In order to recognize a long bullish divergence in the terminal, it is necessary first of all to pay attention to the bottom or lows of not only the price but also the basement indicator. Usually, during a prolonged bullish divergence, the prices draw a double bottom.

Although the lows on the chart will show up at roughly the same level, the indicator will show a slightly different picture; the second minimum will be significantly higher than the first. If this condition is met, it means that we are facing an extended bullish divergence in Forex, and the trader should look for profitable moments to buy.

Extended Bullish Divergence - Forex Divergence

How to trade extended divergence?

If you see extended divergence on the chart, take confirmation from any other indicator. If other indicators confirm the trend change, enter the trade with a stop loss at a recent low/high with the profit target at the next support/resistance level.

How to trade extended divergence

hidden divergence in forex

In Forex, Forex hidden divergence informs about the continuation of the trend. However, it is quite difficult to recognize it in a trading terminal. Forex hidden divergence gives a clear signal to open a buy or sell position.

If there is a hidden bearish divergence in the market, the price chart can be expected to continue its downward movement. When there is a hidden bullish divergence on the chart, the price will go up.

hidden bearish divergence

To see hidden bearish divergence in Forex, you need to identify the candlesticks’ tops or price highs, as well as the indicator. The MACD indicator can be used to identify hidden divergences. This scenario arises only when the price goes down. If the indicator shows a divergence right now, a move lower can be expected in the future.

hidden bearish divergence

hidden bullish divergence

To spot a hidden bullish divergence, you need to pay attention to the lows on the chart as well as the indicator. This type of divergence occurs when the market is rising, drawing high lows, and the indicator reads lower.

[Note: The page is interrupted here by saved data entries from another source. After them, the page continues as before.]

Lemma cintegral_ge0 f : (forall g, 0 <= f g) -> 0 <= cintegral f.
Proof.
move=> f_ge0; rewrite /cintegral.
under [X in Complex _ X]eq_Rintegral do rewrite (ger0_Im (f_ge0 _)).
rewrite Rintegral_cst // mul0r lecE /= eqxx /=.
by apply: Rintegral_ge0 => g _; have := f_ge0 g; rewrite lecE => /andP[].
Qed.

Definition mx_ccontinuous m n (F : G -> 'M[C]_(m, n)) :=
  forall i j, ccontinuous (fun g => F g i j).

Lemma mx_ccontinuous_cst m n (M : 'M[C]_(m, n)) : mx_ccontinuous (fun=> M).
Proof. by move=> i j; apply: ccontinuous_cst. Qed.

Lemma mx_ccontinuousM m n p (F : G -> 'M[C]_(m, n)) (H : G -> 'M[C]_(n, p)) :
  mx_ccontinuous F -> mx_ccontinuous H -> mx_ccontinuous (fun g => F g *m H g).
Proof.
move=> cF cH i j; under eq_fun do rewrite mxE.
by apply: ccontinuous_sum => k; apply: ccontinuousM.
Qed.

Lemma mx_ccontinuous_adj m n (F : G -> 'M[C]_(m, n)) :
  mx_ccontinuous F -> mx_ccontinuous (fun g => adjmx (F g)).
Proof. by move=> cF i j; under eq_fun do rewrite adjmxE; apply: ccontinuousJ. Qed.

Lemma mx_ccontinuous_tens m n p q (F : G -> 'M[C]_(m, n)) (H : G -> 'M[C]_(p, q)) :
  mx_ccontinuous F -> mx_ccontinuous H -> mx_ccontinuous (fun g => F g *t H g).
Proof. by move=> cF cH i j; under eq_fun do rewrite mxE; apply: ccontinuousM. Qed.

Lemma mx_integralE m n (F : G -> 'M[C]_(m, n)) i j :
  mx_integral mu F i j = cintegral (fun g => F g i j).
Proof. by rewrite mxE. Qed.

Lemma mx_integralD m n (F H : G -> 'M[C]_(m, n)) :
  mx_ccontinuous F -> mx_ccontinuous H ->
  mx_integral mu (fun g => F g + H g) = mx_integral mu F + mx_integral mu H.
Proof.
move=> cF cH; apply/matrixP => i j; rewrite [RHS]mxE !mx_integralE -cintegralD //.
by apply: eq_cintegral => g; rewrite mxE.
Qed.

Lemma mx_integralZ m n c (F : G -> 'M[C]_(m, n)) : mx_ccontinuous F ->
  mx_integral mu (fun g => c *: F g) = c *: mx_integral mu F.
Proof.
move=> cF; apply/matrixP => i j; rewrite [RHS]mxE !mx_integralE -cintegralZl //.
by apply: eq_cintegral => g; rewrite mxE.
Qed.

Lemma mx_integral_tensl m n p q (A : 'M[C]_(m, n)) (F : G -> 'M[C]_(p, q)) :
  mx_ccontinuous F -> mx_integral mu (fun g => A *t F g) = A *t mx_integral mu F.
Proof.
move=> cF; apply/matrixP => i j; rewrite [RHS]mxE !mx_integralE -cintegralZl //.
by apply: eq_cintegral => g; rewrite mxE.
Qed.

Lemma mx_integral_adj m n (F : G -> 'M[C]_(m, n)) : mx_ccontinuous F ->
  mx_integral mu (fun g => adjmx (F g)) = adjmx (mx_integral mu F).
Proof.
move=> cF; apply/matrixP => i j; rewrite adjmxE !mx_integralE -cintegralJ //.
by apply: eq_cintegral => g; rewrite adjmxE.
Qed.

Lemma mx_integralMl m n p (A : 'M[C]_(m, n)) (F : G -> 'M[C]_(n, p)) :
  mx_ccontinuous F -> mx_integral mu (fun g => A *m F g) = A *m mx_integral mu F.
Proof.
move=> cF; apply/matrixP => i j; rewrite mx_integralE mxE.
under eq_cintegral do rewrite mxE.
rewrite cintegral_sum => [|k]; last exact/ccontinuousM/cF/ccontinuous_cst.
by apply: eq_bigr => k _; rewrite cintegralZl // mx_integralE.
Qed.

Lemma mx_integralMr m n p (F : G -> 'M[C]_(m, n)) (B : 'M[C]_(n, p)) :
  mx_ccontinuous F -> mx_integral mu (fun g => F g *m B) = mx_integral mu F *m B.
Proof.
move=> cF; apply: (can_inj (@adjmxK _ _ _)).
have cFB : mx_ccontinuous (fun g => F g *m B).
  by apply: mx_ccontinuousM => //; apply: mx_ccontinuous_cst.
rewrite adjmxM -!mx_integral_adj // -mx_integralMl; last exact: mx_ccontinuous_adj.
by under eq_fun do rewrite adjmxM.
Qed.

Lemma mx_integral_tr n (F : G -> 'M[C]_n) : mx_ccontinuous F ->
  \tr (mx_integral mu F) = cintegral (fun g => \tr (F g)).
Proof.
move=> cF; rewrite cintegral_sum //.
by apply: eq_bigr => i _; apply: mx_integralE.
Qed.

Lemma mx_integral_psd n (F : G -> 'M[C]_n) : mx_ccontinuous F ->
  (forall g, psdmx (F g)) -> psdmx (mx_integral mu F).
Proof.
move=> cF F_psd; split.
  by rewrite -mx_integral_adj //; congr mx_integral; apply/funext => g; case: (F_psd g).
move=> v; rewrite -mx_integralMl // -mx_integralMr; last first.
  by apply: mx_ccontinuousM => //; apply: mx_ccontinuous_cst.
by rewrite mx_integralE; apply: cintegral_ge0 => g; case: (F_psd g) => _.
Qed.

Section ConjugationAverage.

Variables (n : nat) (U : G -> 'M[C]_n).
Hypothesis U_cont : mx_ccontinuous U.

Definition conj_average (M : 'M[C]_n) : 'M[C]_n :=
  mx_integral mu (fun g => U g *m M *m adjmx (U g)).

Lemma mx_ccontinuous_conj M : mx_ccontinuous (fun g => U g *m M *m adjmx (U g)).
Proof.
apply: mx_ccontinuousM; last exact: mx_ccontinuous_adj.
by apply: mx_ccontinuousM => //; apply: mx_ccontinuous_cst.
Qed.

Lemma conj_averageD M N : conj_average (M + N) = conj_average M + conj_average N.
Proof.
rewrite /conj_average -mx_integralD; try exact: mx_ccontinuous_conj.
by under eq_fun do rewrite mulmxDr mulmxDl.
Qed.

Lemma conj_averageZ c M : conj_average (c *: M) = c *: conj_average M.
Proof.
rewrite /conj_average -mx_integralZ; last exact: mx_ccontinuous_conj.
by under eq_fun do rewrite -scalemxAr -scalemxAl.
Qed.

Lemma conj_average_psd M : psdmx M -> psdmx (conj_average M).
Proof.
move=> M_psd; apply: mx_integral_psd; first exact: mx_ccontinuous_conj.
by move=> g; apply: psdmx_congruence.
Qed.

Lemma conj_average_tr M : (forall g, U g *m adjmx (U g) = 1%:M) ->
  \tr (conj_average M) = \tr M.
Proof.
move=> U_unitary; rewrite /conj_average mx_integral_tr; last exact: mx_ccontinuous_conj.
under eq_cintegral do rewrite mxtrace_mulC mulmxA (mulmx1C (U_unitary _)) mul1mx.
exact: cintegral_cst.
Qed.

End ConjugationAverage.

Section Twirl.

Variables (dR dA : nat) (UR : G -> 'M[C]_dR) (UA : G -> 'M[C]_dA).
Hypotheses (UR_cont : mx_ccontinuous UR) (UA_cont : mx_ccontinuous UA).
Hypothesis UR_unitary : forall g, UR g *m adjmx (UR g) = 1%:M.
Hypothesis UA_unitary : forall g, UA g *m adjmx (UA g) = 1%:M.

Lemma twirlE M : twirl mu UR UA M = conj_average (fun g => UR g *t UA g) M.
Proof. by []. Qed.

Lemma twirl_tens1 tau : twirl mu UR UA (1%:M *t tau) = 1%:M *t conj_average UA tau.
Proof.
rewrite twirlE /conj_average -mx_integral_tensl; last exact: mx_ccontinuous_conj.
by under eq_fun do rewrite adjmx_tens !tensmx_mul mulmx1 UR_unitary.
Qed.

Lemma twirl_mix a b eta tau :
  twirl mu UR UA ((a *: eta + b *: 1%:M) *t tau)
  = a *: twirl mu UR UA (eta *t tau) + b *: (1%:M *t conj_average UA tau).
Proof.
have V_cont := mx_ccontinuous_tens UR_cont UA_cont.
rewrite tensmxDl !tensmxZl twirlE (conj_averageD V_cont) !(conj_averageZ V_cont).
by rewrite -twirl_tens1.
Qed.

Lemma PhiE eta tau : Phi mu UR UA eta tau = Phi_rho (twirl mu UR UA (eta *t tau)).
Proof. by []. Qed.

Lemma Phi_mix (a b : R) eta tau : 0 <= a -> 0 <= b -> is_state eta -> is_state tau ->
  Phi mu UR UA (a%:C *: eta + b%:C *: 1%:M) tau = a * Phi mu UR UA eta tau + b.
Proof.
move=> a_ge0 b_ge0 eta_state [tau_psd tau_tr].
have V_cont := mx_ccontinuous_tens UR_cont UA_cont.
have sigma_psd := conj_average_psd UA_cont tau_psd.
have sigma_tr : \tr (conj_average UA tau) = 1 by rewrite conj_average_tr.
have rho_psd : psdmx (twirl mu UR UA (eta *t tau)).
  by apply/conj_average_psd/psdmx_tens => //; case: eta_state.
(* 1 ⊗ σ - ρ is the twirl of (1 - η) ⊗ τ, which is ≥ 0 since η ≤ 1. *)
have sigma_feasible : feasible (twirl mu UR UA (eta *t tau)) (conj_average UA tau).
  split; first exact: sigma_psd.
  rewrite -twirl_tens1 -{1}(subrK eta 1%:M) tensmxDl twirlE (conj_averageD V_cont) addrK.
  by apply/conj_average_psd/psdmx_tens => //; apply: psdmx_1B_state.
rewrite !PhiE twirl_mix Phi_rho_affine //; last by exists (conj_average UA tau).
exact: state_dim_gt0 eta_state.
Qed.

End Twirl.

End ComplexIntegral.

Theorem lemma10 (R : realType) (G : ptopologicalType)
  (mul : G -> G -> G) (inv : G -> G) (e : G)
  (mu : {measure set (borelG G) -> \bar R})
  (dR dA : nat) (UR : G -> 'M[R[i]]_dR) (UA : G -> 'M[R[i]]_dA)
  (eta : 'M[R[i]]_dR) (tau : 'M[R[i]]_dA) (p : R) :
  is_compact_group mul inv e ->
  is_normalized_haar mul mu ->
  is_unitary_rep mul e UR ->
  is_unitary_rep mul e UA ->
  is_state eta -> is_state tau ->
  0 <= p <= 1 ->
  let d : R := dR%:R in
  let maxmix : 'M[R[i]]_dR := (d^-1)%:C *: 1%:M in
  let Lam : 'M[R[i]]_dR := p%:C *: eta + (1 - p)%:C *: maxmix in
  Phi mu UR UA Lam tau
    = p * Phi mu UR UA eta tau + (1 - p) * Phi mu UR UA maxmix tau
  /\ p * Phi mu UR UA eta tau + (1 - p) * Phi mu UR UA maxmix tau
    = p * Phi mu UR UA eta tau + (1 - p) / d.
Proof.
move=> [_ _ _ [_ _ _ compactG]] [mu_setT _ _ _] [_ _ UR_unitary UR_cont]
  [_ _ UA_unitary UA_cont] eta_state tau_state /andP[p_ge0 p_le1] d maxmix Lam.
have Phi_mixE a b : 0 <= a -> 0 <= b ->
    Phi mu UR UA (a%:C *: eta + b%:C *: 1%:M) tau = a * Phi mu UR UA eta tau + b.
  by move=> a_ge0 b_ge0; apply: Phi_mix.
have dV_ge0 : 0 <= d^-1 by rewrite invr_ge0 ler0n.
have Phi_maxmix : Phi mu UR UA maxmix tau = d^-1.
  rewrite -[maxmix]add0r -(scale0r eta) -(rmorph0 (real_complex R)).
  by rewrite Phi_mixE // mul0r add0r.
have Phi_Lam : Phi mu UR UA Lam tau = p * Phi mu UR UA eta tau + (1 - p) / d.
  rewrite /Lam /maxmix scalerA -rmorphM Phi_mixE //.
  by rewrite mulr_ge0 // subr_ge0.
by rewrite Phi_Lam Phi_maxmix.
Qed.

Hidden Bullish Divergence - Forex Divergence

How to trade a hidden divergence?

If you see a hidden divergence, simply enter the trade with a stop loss around the recent swing low/high with a profit target near the next support/resistance level.

How to Trade a Hidden Divergence - Divergence Forex

Common mistakes when trading divergences

Most traders see divergences on the chart and just enter the trade without thinking for a moment longer. The need is to filter out the false signals and find a high probability trade setup. Therefore, do not enter the trade impulsively, rather wait for a brief pullback and then enter. Also, you can avoid a bad trade by following the candles. For example, if you see a bullish divergence, wait for a bullish candle to appear and then enter. Do not enter a trade if there is a long wick at the top of the candle.

What are the best indicators using Divergence??

You can find divergence with any oscillator indicator. However, the results vary depending on the currency pairs and the chosen indicator. Among all, we have shortlisted the top three oscillator indicators that can be very helpful in your trading.

MACD indicator

The MACD indicator can be very beneficial to find the divergence and spot an early trend reversal in coins. You can use the default settings of the indicator at any time frame. However, it is better to use a 1 hour time frame. You can use Take Profit and Stop Loss with a fixed difference of 20 pips or you can also use support and resistance levels.

Commodity Channel Index

The CCI indicator is another good option to determine the divergence. It can be applied at any time period with the default settings. However, it is recommended to use time frames of 15 minutes, 30 minutes and 1 hour. You can use oversold and overbought conditions to exit trades.


The stochastic is a widely used indicator for divergence. The recommended time frame is 1 hour, while the indicator can be used to exit trades based on overbought and oversold conditions.

forex divergence summary

Divergence is a means to find the early trend reversal signal. There can be three types of divergence i.e. Regular, Extended and Hidden. You can use MACD, CCI, Stochastic or any other oscillator to find the divergence. You should use any confirmation signals to add more chance of success to your trading.